Control over the contribution of the mitochondrial membrane potential (DeltaPsi) and proton gradient (DeltapH) to the protonmotive force (Deltap). In silico studies

Abstract

The protonmotive force across the inner mitochondrial membrane (Deltap) has two components: membrane potential (DeltaPsi) and the gradient of proton concentration (DeltapH). The computer model of oxidative phosphorylation developed previously by Korzeniewski et al. (Korzeniewski, B., Noma, A., and Matsuoka, S. (2005) Biophys. Chem. 116, 145-157) was modified by including the K+ uniport, K+/H+ exchange across the inner mitochondrial membrane, and membrane capacitance to replace the fixed DeltaPsi/DeltapH ratio used previously with a variable one determined mechanistically. The extended model gave good agreement with experimental results. Computer simulations showed that the contribution of DeltaPsi and DeltapH to Deltap is determined by the ratio of the rate constants of the K+ uniport and K+/H+ exchange and not by the absolute values of these constants. The value of Deltap is mostly controlled by ATP usage. The metabolic control over the DeltaPsi/DeltapH ratio is exerted mostly by K+ uniport and K+/H+ exchange in the presence of these processes, and by the ATP usage, ATP/ADP carrier, and phosphate carrier in the absence of them. The K+ circulation across the inner mitochondrial membrane is controlled mainly by K+ uniport and K+/H+ exchange, whereas H+ circulation by ATP usage.
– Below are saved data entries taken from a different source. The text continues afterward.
(** Every word over Delta_k reduces, by the rules p_i q_j -> delta_ij, either to 0 or
    to a unique word q_u p_v, its normal form.  Two regular languages are
    rho-equivalent exactly when they have the same sets of normal forms: having the
    same normal forms is itself an R-congruence satisfying the relations, and
    conversely every such R-congruence identifies each word with its normal form,
    while a regular language is the supremum of the regular family of its
    singletons.  The substitution q_j |-> q_1 q_0^j q_1, p_i |-> p_1 p_0^i p_1 maps
    normal forms injectively to normal forms, so the map it induces on languages is
    an injective R-morphism C_m' -> C_2' with the required products. *)

Section RegularImage.
Variables (T U : Type) (mulT : T -> T -> T) (oneT : T) (mulU : U -> U -> U) (oneU : U).
Variables (f : T -> U) (E : U -> U -> Prop).
Hypothesis E_refl : forall y, E y y.
Hypothesis E_trans : forall x y z, E x y -> E y z -> E x z.
Hypothesis E_mul : forall x x' y y', E x x' -> E y y' -> E (mulU x y) (mulU x' y').
Hypothesis f_one : E oneU (f oneT).
Hypothesis f_mul : forall x y, E (mulU (f x) (f y)) (f (mulT x y)).

Lemma regular_image_up_to A : regular mulT oneT A ->
  exists2 B, regular mulU oneU B &
    (forall b, B b -> exists2 a, A a & E b (f a)) /\
    (forall a, A a -> exists2 b, B b & E b (f a)).
Proof.
have E_fmul a1 a2 b1 b2 : E b1 (f a1) -> E b2 (f a2) -> E (mulU b1 b2) (f (mulT a1 a2)).
  by move=> h1 h2; apply: E_trans (E_mul h1 h2) (f_mul _ _).
elim=> {A} [l | A B _ [A' hA' [A1 A2]] _ [B' hB' [B1 B2]]
           | A B _ [A' hA' [A1 A2]] _ [B' hB' [B1 B2]] | A _ [A' hA' [A1 A2]]
           | A B _ [A' hA' [A1 A2]] hAB].
- exists (fun y => List.In y (List.map f l)); first exact: reg_fin.
  split=> [b /List.in_map_iff [a [<- ha]] | a ha]; first by exists a.
  by exists (f a); first exact: List.in_map.
- exists (fun y => A' y \/ B' y); first exact: reg_union.
  split=> [b [/A1 | /B1] [a ha hb] | a [/A2 | /B2] [b hb hab]];
    by [exists a; [left | ] | exists a; [right | ] | exists b; [left | ] | exists b; [right | ]].
- exists (fun y => exists b1 b2, A' b1 /\ B' b2 /\ y = mulU b1 b2); first exact: reg_prod.
  split=> [_ [b1 [b2 [/A1 [a1 h1 e1] [/B1 [a2 h2 e2] ->]]]]
         | _ [a1 [a2 [/A2 [b1 h1 e1] [/B2 [b2 h2 e2] ->]]]]].
  + by exists (mulT a1 a2); [exists a1, a2 | apply: E_fmul].
  + by exists (mulU b1 b2); [exists b1, b2 | apply: E_fmul].
- exists (star mulU oneU A'); first exact: reg_star.
  split.
  + move=> b; elim=> [|x {}b _ [a ha ex] /A1 [a' ha' eb]].
      by exists oneT; first exact: star_one.
    by exists (mulT a a'); [apply: star_mul | apply: E_fmul].
  + move=> a; elim=> [|x {}a _ [b hb ex] /A2 [b' hb' ea]].
      by exists oneU; first exact: star_one.
    by exists (mulU b b'); [apply: star_mul | apply: E_fmul].
- by exists A' => //; split=> [b /A1 [a /hAB ha] | a /hAB /A2]; first exists a.
Qed.
End RegularImage.

Lemma regular_image (T U : Type) (mulT : T -> T -> T) (oneT : T)
    (mulU : U -> U -> U) (oneU : U) (f : T -> U) (A : T -> Prop) :
  (forall x y, f (mulT x y) = mulU (f x) (f y)) -> f oneT = oneU ->
  regular mulT oneT A -> regular mulU oneU (fun y => exists2 x, A x & y = f x).
Proof.
move=> f_mul f_one hA.
have E_mul x x' y y' : x = x' -> y = y' -> mulU x y = mulU x' y' by move=> -> ->.
have [B hB [B_A A_B]] := regular_image_up_to (@erefl U) (@eq_trans U) E_mul
  (esym f_one) (fun x y => esym (f_mul x y)) hA.
apply: reg_ext hB _ => y; split; first exact: B_A.
by case=> x /A_B [b hb <-] ->.
Qed.

Section Languages.
Variable k : nat.
Implicit Types (L M : RegLang k) (u v w : word k).

Lemma deq_refl L : deq (RDelta k) L L.
Proof. by []. Qed.

Lemma deq_sym L M : deq (RDelta k) L M -> deq (RDelta k) M L.
Proof. by move=> h w; rewrite h. Qed.

Lemma deq_trans L M N : deq (RDelta k) L M -> deq (RDelta k) M N -> deq (RDelta k) L N.
Proof. by move=> h1 h2 w; rewrite h1 h2. Qed.

Lemma rcat_deq L L' M M' : deq (RDelta k) L L' -> deq (RDelta k) M M' ->
  deq (RDelta k) (rcat L M) (rcat L' M').
Proof.
by move=> hL hM w; split=> -[u [v [/hL hu [/hM hv ->]]]]; exists u, v.
Qed.

Lemma rcat1l L : deq (RDelta k) (rcat (rone k) L) L.
Proof. by move=> w; split=> [[_ [v [-> [hv ->]]]] // | hw]; exists [::], w. Qed.

Lemma rcat0l L : deq (RDelta k) (rcat (rzero k) L) (rzero k).
Proof. by move=> w; split=> // -[u [v []]]. Qed.

Lemma rcat0r L : deq (RDelta k) (rcat L (rzero k)) (rzero k).
Proof. by move=> w; split=> // -[u [v [_ []]]]. Qed.

Lemma regular_lang_sing w : regular_lang (fun w' => w' = w).
Proof.
apply: (reg_ext (reg_fin _ _ [:: w])) => w' /=.
by split=> [[] | ->]; [move=> -> | case | left].
Qed.

Definition sing w : RegLang k := exist _ (fun w' => w' = w) (regular_lang_sing w).

Lemma rletter_sing x : deq (RDelta k) (rletter x) (sing [:: x]).
Proof. by []. Qed.

Lemma rcat_sing u v : deq (RDelta k) (rcat (sing u) (sing v)) (sing (u ++ v)).
Proof. by move=> w; split=> [[_ [_ [-> [-> ->]]]] | ->] //; exists u, v. Qed.

Definition sing_family L (A : RegLang k -> Prop) : Prop :=
  (forall a, A a -> exists2 w, proj1_sig L w & deq (RDelta k) a (sing w)) /\
  (forall w, proj1_sig L w -> exists2 a, A a & deq (RDelta k) a (sing w)).

Lemma regular_sing_family L :
  exists2 A, dregular (RDelta k) A & sing_family L A.
Proof.
by apply: (regular_image_up_to deq_refl deq_trans rcat_deq _ rcat_sing (proj2_sig L)).
Qed.

Definition bigcup (A : RegLang k -> Prop) : lang k :=
  fun w => exists2 a, A a & proj1_sig a w.

Lemma regular_bigcup A : dregular (RDelta k) A -> regular_lang (bigcup A).
Proof.
elim=> {A} [l | A B _ hA _ hB | A B _ hA _ hB | A _ hA | A B _ hA hAB].
- elim: l => [|a l IH].
    by apply: (reg_ext (reg_lzero k)) => w; split=> // -[].
  apply: (reg_ext (reg_lunion (proj2_sig a) IH)) => w; split.
    by case=> [hw | [b hb hw]]; [exists a; first left | exists b; first right].
  by case=> b [<- | hb] hw; [left | right; exists b].
- apply: (reg_ext (reg_lunion hA hB)) => w; split.
    by case=> -[a ha hw]; exists a => //; [left | right].
  by case=> a [ha | ha] hw; [left | right]; exists a.
- apply: (reg_ext (reg_lcat hA hB)) => w; split.
    case=> u [v [[a ha hu] [[b hb hv] ->]]].
    by exists (rcat a b); [exists a, b | exists u, v].
  case=> _ [a [b [ha [hb ->]]]] [u [v [hu [hv ->]]]].
  by exists u, v; split; [exists a | split; first exists b].
- apply: (reg_ext (reg_star hA)) => w; split.
    elim=> [|u v _ [a ha hu] [b hb hv]]; first by exists (rone k); first exact: star_one.
    by exists (rcat a b); [apply: star_mul | exists u, v].
  case=> a ha; elim: ha w => [|x b _ IH hb] w; first by move=> ->; apply: star_one.
  by case=> u [v [/IH hu [hv ->]]]; apply: star_mul => //; exists b.
- by apply: (reg_ext hA) => w; split=> -[a /hAB ha hw]; exists a.
Qed.

Definition bigcupR A (hA : dregular (RDelta k) A) : RegLang k :=
  exist _ (bigcup A) (regular_bigcup hA).

Lemma dle_RDeltaE L M :
  dle (RDelta k) L M <-> forall w, proj1_sig L w -> proj1_sig M w.
Proof.
split=> [h w hw | h w]; first by apply/h; left.
by split=> [[/h|] | hw] //; right.
Qed.

Lemma RDelta_supE A s : dregular (RDelta k) A -> is_sup (RDelta k) A s ->
  forall w, proj1_sig s w <-> bigcup A w.
Proof.
move=> hA [s_ub s_least] w; split; last by case=> a /s_ub /dle_RDeltaE; apply.
have /dle_RDeltaE : dle (RDelta k) s (bigcupR hA).
  by apply: s_least => a ha; apply/dle_RDeltaE => w' hw; exists a.
exact.
Qed.

Lemma sing_family_sup L A : sing_family L A ->
  is_sup (RDelta k) (fun a => A a \/ a = rzero k) L.
Proof.
case=> A_L L_A; split=> [a [/A_L [w hw aw] | ->] | u u_ub]; apply/dle_RDeltaE => //.
  by move=> w' /aw ->.
move=> w /L_A [a ha aw]; move/dle_RDeltaE: (u_ub a (or_introl ha)); apply.
by apply/aw.
Qed.

End Languages.

Section NormalForms.
Variable k : nat.
Implicit Types (L M : RegLang k) (u v w : word k).

(* [(u, v)] is the reduced word q_u p_v, and [None] represents 0. *)
Definition NF := (seq 'I_k * seq 'I_k)%type.

Definition nf_word (n : NF) : word k := map inr n.1 ++ map inl n.2.

Definition nf_lmul (x : Delta k) (a : option NF) : option NF :=
  if a is Some (u, v) then
    match x, u with
    | inr j, _ => Some (j :: u, v)
    | inl i, [::] => Some ([::], i :: v)
    | inl i, j :: u' => if i == j then Some (u', v) else None
    end
  else None.

Definition nf w : option NF := foldr nf_lmul (Some ([::], [::])) w.

Definition nf_mul (a b : option NF) : option NF :=
  if a is Some n then foldr nf_lmul b (nf_word n) else None.

Lemma foldr_nf_lmul_None w : foldr nf_lmul None w = None.
Proof. by elim: w => //= x w ->. Qed.

Lemma nf_lmul_mul x a b : nf_lmul x (nf_mul a b) = nf_mul (nf_lmul x a) b.
Proof.
case: a => [[u v]|] //; case: x => [i|j] //; case: u => [|j u] //=.
case: eqP => [<- | /eqP/negbTE ne] /=; rewrite /nf_word;
  by case: (foldr _ _ _) => [[? ?]|] //=; rewrite ?eqxx ?ne.
Qed.

Lemma nf_cat u v : nf (u ++ v) = nf_mul (nf u) (nf v).
Proof. by rewrite /nf foldr_cat; elim: u => //= x u ->; rewrite nf_lmul_mul. Qed.

Definition nfs L (n : NF) : Prop := exists2 w, proj1_sig L w & nf w = Some n.

Definition same_nfs L M : Prop := forall n, nfs L n <-> nfs M n.

Lemma nfs_sub L M : (forall w, proj1_sig L w -> proj1_sig M w) ->
  forall n, nfs L n -> nfs M n.
Proof. by move=> LM n [w /LM]; exists w. Qed.

Lemma deq_same_nfs L M : deq (RDelta k) L M -> same_nfs L M.
Proof. by move=> LM n; split; apply: nfs_sub => w /LM. Qed.

Lemma nfs_rzero n : nfs (rzero k) n <-> False.
Proof. by split=> // -[]. Qed.

Lemma nfs_rone n : nfs (rone k) n <-> n = ([::], [::]).
Proof. by split=> [[_ -> [<-]] | ->] //; exists [::]. Qed.

Lemma nfs_sing w n : nfs (sing w) n <-> nf w = Some n.
Proof. by split=> [[_ -> //] | ]; exists w. Qed.

Lemma nfs_rcat_sing L M u v : deq (RDelta k) L (sing u) -> deq (RDelta k) M (sing v) ->
  forall n, nfs (rcat L M) n <-> nf (u ++ v) = Some n.
Proof.
by move=> Lu Mv n; rewrite (deq_same_nfs (deq_trans (rcat_deq Lu Mv) (rcat_sing u v))) nfs_sing.
Qed.

Lemma nfs_runion L M n : nfs (runion L M) n <-> nfs L n \/ nfs M n.
Proof.
split; first by case=> w [hw | hw] e; [left | right]; exists w.
by case=> -[w hw e]; exists w => //; [left | right].
Qed.

Lemma nfs_rcat L M n : nfs (rcat L M) n <->
  exists a b, [/\ nfs L a, nfs M b & nf_mul (Some a) (Some b) = Some n].
Proof.
split.
  case=> _ [u [v [hu [hv ->]]]]; rewrite nf_cat.
  case Eu: (nf u) => [a|] //; case Ev: (nf v) => [b|]; last by rewrite /= foldr_nf_lmul_None.
  by exists a, b; split=> //; [exists u | exists v].
case=> a [b [[u hu Eu] [v hv Ev] e]].
by exists (u ++ v); [exists u, v | rewrite nf_cat Eu Ev].
Qed.

End NormalForms.

Arguments nf_lmul {k} x a.

Section SameNormalForms.
Variable k : nat.
Implicit Types (L M : RegLang k) (w : word k).

Lemma nfs_sup_sub A B s t : dregular (RDelta k) A ->
  (forall x, (exists a, A a /\ same_nfs (runion x a) a) ->
             (exists b, B b /\ same_nfs (runion x b) b)) ->
  is_sup (RDelta k) A s -> is_sup (RDelta k) B t ->
  forall n, nfs s n -> nfs t n.
Proof.
move=> hA AB hs [t_ub _] n [w /(RDelta_supE hA hs) [a ha hw] e].
have [b [hb ab]] : exists b, B b /\ same_nfs (runion a b) b.
  by apply: AB; exists a; split=> // n'; rewrite nfs_runion; split=> [[] |]; auto.
have [w' hw' e'] : nfs b n by apply/ab/nfs_runion; left; exists w.
by exists w' => //; move/dle_RDeltaE: (t_ub b hb); apply.
Qed.

Lemma same_nfs_Rcong : is_Rcong (RDelta k) (@same_nfs k).
Proof.
split; first exact: deq_same_nfs.
split; first by [].
split; first by move=> L M h n; rewrite h.
split; first by move=> L M N h1 h2 n; rewrite h1 h2.
split; first by move=> L L' M M' h1 h2 n; rewrite !nfs_runion h1 h2.
split.
  move=> L L' M M' h1 h2 n; rewrite !nfs_rcat.
  by split=> -[a [b [/h1 ha /h2 hb e]]]; exists a, b.
move=> A B hA hB AB s t hs ht n.
by split; [apply: (nfs_sup_sub hA _ hs ht) | apply: (nfs_sup_sub hB _ ht hs)] => x;
  case: (AB x).
Qed.

Lemma same_nfs_relation (i j : 'I_k) :
  same_nfs (rcat (rp i) (rq j)) (if i == j then rone k else rzero k).
Proof.
move=> n; rewrite (nfs_rcat_sing (rletter_sing _) (rletter_sing _)) /=.
by case: eqP => _; rewrite ?nfs_rone ?nfs_rzero //; split=> [[<-] | ->].
Qed.

Lemma rho_same_nfs L M : rho L M -> same_nfs L M.
Proof. by apply; [apply: same_nfs_Rcong | apply: same_nfs_relation]. Qed.

End SameNormalForms.

Section RCongruence.
Variables (D : sdioid) (R : car D -> car D -> Prop).
Hypothesis R_cong : is_Rcong D R.

Lemma Rcong_downward_sub (A B : car D -> Prop) :
  (forall a, A a -> exists2 b, B b & R a b) ->
  forall x, (exists a, A a /\ R (dadd D x a) a) -> exists b, B b /\ R (dadd D x b) b.
Proof.
case: R_cong => _ [R_refl [R_sym [R_trans [R_add _]]]].
move=> AB x [a [/AB [b hb ab] xa]]; exists b; split=> //.
exact: R_trans (R_add _ _ _ _ (R_refl x) (R_sym _ _ ab)) (R_trans _ _ _ xa ab).
Qed.

End RCongruence.
Lemma printing_correct sh l T (poss : seq (nat * nat)) S :
  uniq (unzip2 poss) -> all (fun rc => rc.2 < size S) poss ->
  (forall r pos, (r, pos) \in poss ->
     nth None T r != None -> nth [::] S pos = [:: None]) ->
  exists2 S', printing sh l T poss S = Some S' &
    [/\ size S' = size S,
        forall r pos, (r, pos) \in poss ->
          nth [::] S' pos = print_card (nth None T r) (nth [::] S pos) &
        forall pos, pos \notin unzip2 poss -> nth [::] S' pos = nth [::] S pos].
Proof.
elim: poss S => [|[r pos] poss IH] S /=; first by exists S.
case/andP=> pos_notin uniq_poss /andP[hpos hposs] blank.
rewrite print_stackE //; last by apply: blank; rewrite mem_head.
set S1 := set_nth _ S pos _.
have sz1 : size S1 = size S by rewrite size_set_nth; apply/maxn_idPr.
have nth_S1 pos' : pos' != pos -> nth [::] S1 pos' = nth [::] S pos'.
  by move=> ne; rewrite nth_set_nth /= (negbTE ne).
have ne_pos r' pos' : (r', pos') \in poss -> pos' != pos.
  by move=> hin; apply: contraNneq pos_notin => <-; exact: (map_f snd hin).
have hposs1 : all (fun rc => rc.2 < size S1) poss by rewrite sz1.
have blank1 r' pos' : (r', pos') \in poss ->
    nth None T r' != None -> nth [::] S1 pos' = [:: None].
  by move=> hin; rewrite nth_S1 ?(ne_pos r') //; apply: blank; rewrite in_cons hin orbT.
have [S' -> [sz' in_poss notin_poss]] := IH S1 uniq_poss hposs1 blank1.
exists S'; split; first by rewrite sz'.
  move=> r' pos'; rewrite in_cons => /orP[/eqP[-> ->]|hin].
    by rewrite notin_poss // nth_set_nth /= eqxx.
  by rewrite (in_poss r') // nth_S1 ?(ne_pos r').
by move=> pos'; rewrite in_cons negb_or => /andP[ne /notin_poss ->]; rewrite nth_S1.
Qed.

Lemma area_positions_rotr N j s q : 0 < q ->
  area_positions N ((j + s) %% q) q =
    [seq (rc.1, (rc.2 + s) %% q) | rc <- area_positions N j q].
Proof.
move=> q_gt0; rewrite /area_positions -map_comp; apply: eq_map => r /=.
by rewrite -!addnA !modnDml addnAC.
Qed.

Lemma area_positions_lt N j q : 0 < q -> all (fun rc => rc.2 < q) (area_positions N j q).
Proof. by move=> q_gt0; apply/allP => rc /mapP[r _ ->]; rewrite ltn_pmod. Qed.

Lemma block_stepE m n sh i (B : {set cell m n}) S :
  let j := min_row B * (n + 4) + min_col B in
  norm_block B \in pent_types -> j < size S ->
  block_step sh i B S correct_templates =
    omap (fun S' => (S', correct_templates))
      (printing sh [:: i; 2] (tmpl_cards (norm_block B)) (area_positions (n + 4) j (size S)) S).
Proof.
move=> j B_type hj; rewrite /block_step -/j nth_index //.
set t := index _ _; set T := tmpl_cards _.
set s := sh (rcons [:: i; 0] 0) %% size S.
set s2 := sh (rcons [:: i; 1] 0) %% size correct_templates.
have S_gt0 : 0 < size S by lia.
have ht : t < size correct_templates by rewrite size_map index_mem.
have hs : s < size S by rewrite ltn_pmod.
have hs2 : s2 < size correct_templates by rewrite ltn_pmod //; lia.
have nth_T : nth [::] correct_templates t = T.
  by rewrite /t /T (nth_map set0) ?nth_index ?index_mem.
have print_rotr :
    printing sh [:: i; 2] T (area_positions (n + 4) ((j + s) %% size S) (size S)) (rotr s S)
    = omap (rotr s) (printing sh [:: i; 2] T (area_positions (n + 4) j (size S)) S).
  by rewrite area_positions_rotr // printing_rotr // area_positions_lt.
rewrite chosen_cutE // -/s.
all: rewrite size_rotr chosen_cutE // -/s2 nth_rotr_shift // nth_T print_rotr rotr_set_nth //.
all: case E: (printing _ _ _ _ S) => [S'|] //=; rewrite ?rotrK.
- by rewrite set_set_nth eqxx -nth_T set_nth_nth // eqxx.
- by move=> c' a [<- _]; rewrite size_rotr size_set_nth; apply/maxn_idPr.
- by move=> c' a [<- _]; rewrite size_rotr (printing_size (area_positions_lt _ _ S_gt0) E).
- by move=> c' a [<- _]; rewrite size_rotr size_set_nth; apply/maxn_idPr.
Qed.

Lemma geq_bigmin (T : finType) (A : {set T}) (F : T -> nat) idx x :
  x \in A -> \big[minn/idx]_(y in A) F y <= F x.
Proof.
move=> hx; rewrite -big_filter; have : x \in [seq y <- index_enum T | y \in A].
  by rewrite mem_filter hx mem_index_enum.
elim: [seq _ <- _ | _] => [//|y r IH]; rewrite in_cons big_cons.
by case/orP=> [/eqP <-|/IH]; [exact: geq_minl | apply: leq_trans; exact: geq_minr].
Qed.

Lemma bigmin_attained (T : finType) (A : {set T}) (F : T -> nat) idx x :
  x \in A -> F x < idx -> exists2 y, y \in A & F y = \big[minn/idx]_(z in A) F z.
Proof.
move=> hx lt_idx; set v := \big[minn/idx]_(z in A) F z.
have : (v == idx) || [exists y in A, F y == v].
  apply: (big_ind (fun w => (w == idx) || [exists y in A, F y == w])) => [|a b|y hy].
  - by rewrite eqxx.
  - by rewrite /minn; case: ifP.
  - by apply/orP; right; apply/exists_inP; exists y.
case/orP=> [/eqP v_idx|/exists_inP[y hy /eqP]]; last by exists y.
by have := geq_bigmin F idx hx; rewrite -/v v_idx leqNgt lt_idx.
Qed.

Lemma adj_path_bound m n (x : cell m n) p : path (@adj m n) x p ->
  ((last x p).1 : nat) <= x.1 + size p /\ ((last x p).2 : nat) <= x.2 + size p.
Proof.
elim: p x => [|y p IH] x /=; first by rewrite !addn0.
by case/andP=> xy /IH; rewrite /adj in xy; lia.
Qed.

Lemma pentomino_span m n (B : {set cell m n}) x y : pentomino B -> x \in B -> y \in B ->
  (y.1 : nat) <= x.1 + 4 /\ (y.2 : nat) <= x.2 + 4.
Proof.
case/andP=> /eqP card5 /forall_inP conn hx hy.
have /connectP[p0 hp0 ->] := forall_inP (conn x hx) y hy.
have [p hp uniq_p _] := shortenP hp0.
have p_in_B : {subset x :: p <= B}.
  have /allP : all (mem B) p.
    by elim: p (x) hp {uniq_p} => //= z p IH x' /andP[/and3P[_ -> _] /IH].
  by move=> p_B z; rewrite in_cons => /orP[/eqP -> //|/p_B].
have size_p : size (x :: p) <= 5.
  by rewrite -card5 cardE; apply: uniq_leq_size => // z /p_in_B; rewrite mem_enum.
have /adj_path_bound : path (@adj m n) x p by apply: sub_path hp => u v /and3P[].
have le_p : size p <= 4 := size_p.
by case=> h1 h2; split; [apply: leq_trans h1 _ | apply: leq_trans h2 _]; rewrite leq_add2l.
Qed.

Lemma nbr_count_shift (A A' : pred (nat * nat)) dr dc :
  (forall a b, A (a, b) = A' (a + dr, b + dc)) ->
  (forall a b, A' (a, b) -> dr <= a /\ dc <= b) ->
  forall a b, nbr_count A a b = nbr_count A' (a + dr) (b + dc).
Proof.
move=> shiftA low a b; rewrite /nbr_count !shiftA !addSn.
have border_row : ((a == 0) || ~~ A' (a.-1 + dr, b + dc)) =
                  ((a + dr == 0) || ~~ A' ((a + dr).-1, b + dc)).
  case: a => [|a] //=; rewrite add0n; case: dr {shiftA} low => [|dr] low //=.
  by case E: (A' _) => //; have := low _ _ E; lia.
have border_col : ((b == 0) || ~~ A' (a + dr, b.-1 + dc)) =
                  ((b + dc == 0) || ~~ A' (a + dr, (b + dc).-1)).
  case: b {border_row} => [|b] //=; rewrite add0n; case: dc {shiftA} low => [|dc] low //=.
  by case E: (A' _) => //; have := low _ _ E; lia.
by rewrite border_row border_col.
Qed.

Lemma nth_grid5 T (x0 : T) (f : nat -> nat -> T) r : r < 25 ->
  nth x0 [seq f a b | a <- iota 0 5, b <- iota 0 5] r = f (r %/ 5) (r %% 5).
Proof. by do 25! case: r => [|r] //. Qed.

Section Grid.
Variables m n : nat.
Implicit Types (x : cell m n) (B : {set cell m n}) (Q : {set {set cell m n}}).

Definition cell_pos x : nat := x.1 * (n + 4) + x.2.

Definition pos_cell (pos : nat) : option (cell m n) :=
  if insub (pos %/ (n + 4)) is Some a then
    if insub (pos %% (n + 4)) is Some b then Some (a, b) else None
  else None.

Lemma cell_pos_divmod x : cell_pos x %/ (n + 4) = x.1 /\ cell_pos x %% (n + 4) = x.2.
Proof.
have lt_x2 : (x.2 : nat) < n + 4 by have := ltn_ord x.2; lia.
have N_gt0 : 0 < n + 4 by rewrite addn4.
by rewrite /cell_pos divnMDl // modnMDl (divn_small lt_x2) (modn_small lt_x2) addn0.
Qed.

Lemma cell_posK : pcancel cell_pos pos_cell.
Proof.
by move=> x; rewrite /pos_cell; have [-> ->] := cell_pos_divmod x; rewrite !valK; case: x.
Qed.

Lemma pos_cellK : ocancel pos_cell cell_pos.
Proof.
move=> pos; rewrite /pos_cell; case: insubP => [a _ ea|] //; case: insubP => [b _ eb|] //=.
by rewrite /cell_pos /= ea eb -divn_eq.
Qed.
It is demonstrated that the secondary K+ ion transport is not necessary for maintaining the physiological DeltaPsi/DeltapH ratio.

FIGURE 1.

Scheme of the oxidative phosphorylation system. The elements of the system taken into account explicitly within the model of oxidative phosphorylation used in the present study are presented. C_m, membrane capacitance; ΔΨ, membrane potential.

FIGURE 2.

Simulated dependence of Δp, ΔΨ, ΔpH, and [K⁺]_i on the rate constant of K⁺ uniport (k_Kuni) and K⁺/H⁺ exchange (k_KHex). A, dependence on k_Kuni; B, dependence on k_KHex; C, dependence on k_Kuni and k_KHex at the fixed k_Kuni/k_KHex ratio equal to 2.896·10^-3.

FIGURE 3.

Simulated dependence of Δp, ΔΨ, and ΔpH on extramitochondrial [ADP] (A), [ATP] (B), [P_i] (C), and [K⁺] (D). Thick lines without points, computer simulations; points connected with thin lines, experimental data; solid lines, Δp; dotted lines, ΔΨ; dashed lines, ΔpH; full symbols in C, data from Ref. ; empty symbols in C, data from Ref. ; empty symbols in D, data from Ref. .

FIGURE 4.

Simulated dependence of the reduction level of cytochrome c on extramitochondrial [P_i].

FIGURE 5.

Simulated control coefficients of particular components of the system over Δp.

FIGURE 6.

Simulated control coefficients of particular components of the system over u = ΔΨ/Δp. A, in the presence of K⁺ uniport and K⁺/H⁺ exchange; B, in the absence of K⁺ uniport and K⁺/H⁺ exchange.

FIGURE 7.

Simulated control coefficients of particular components of the system over the K⁺ circulation flux.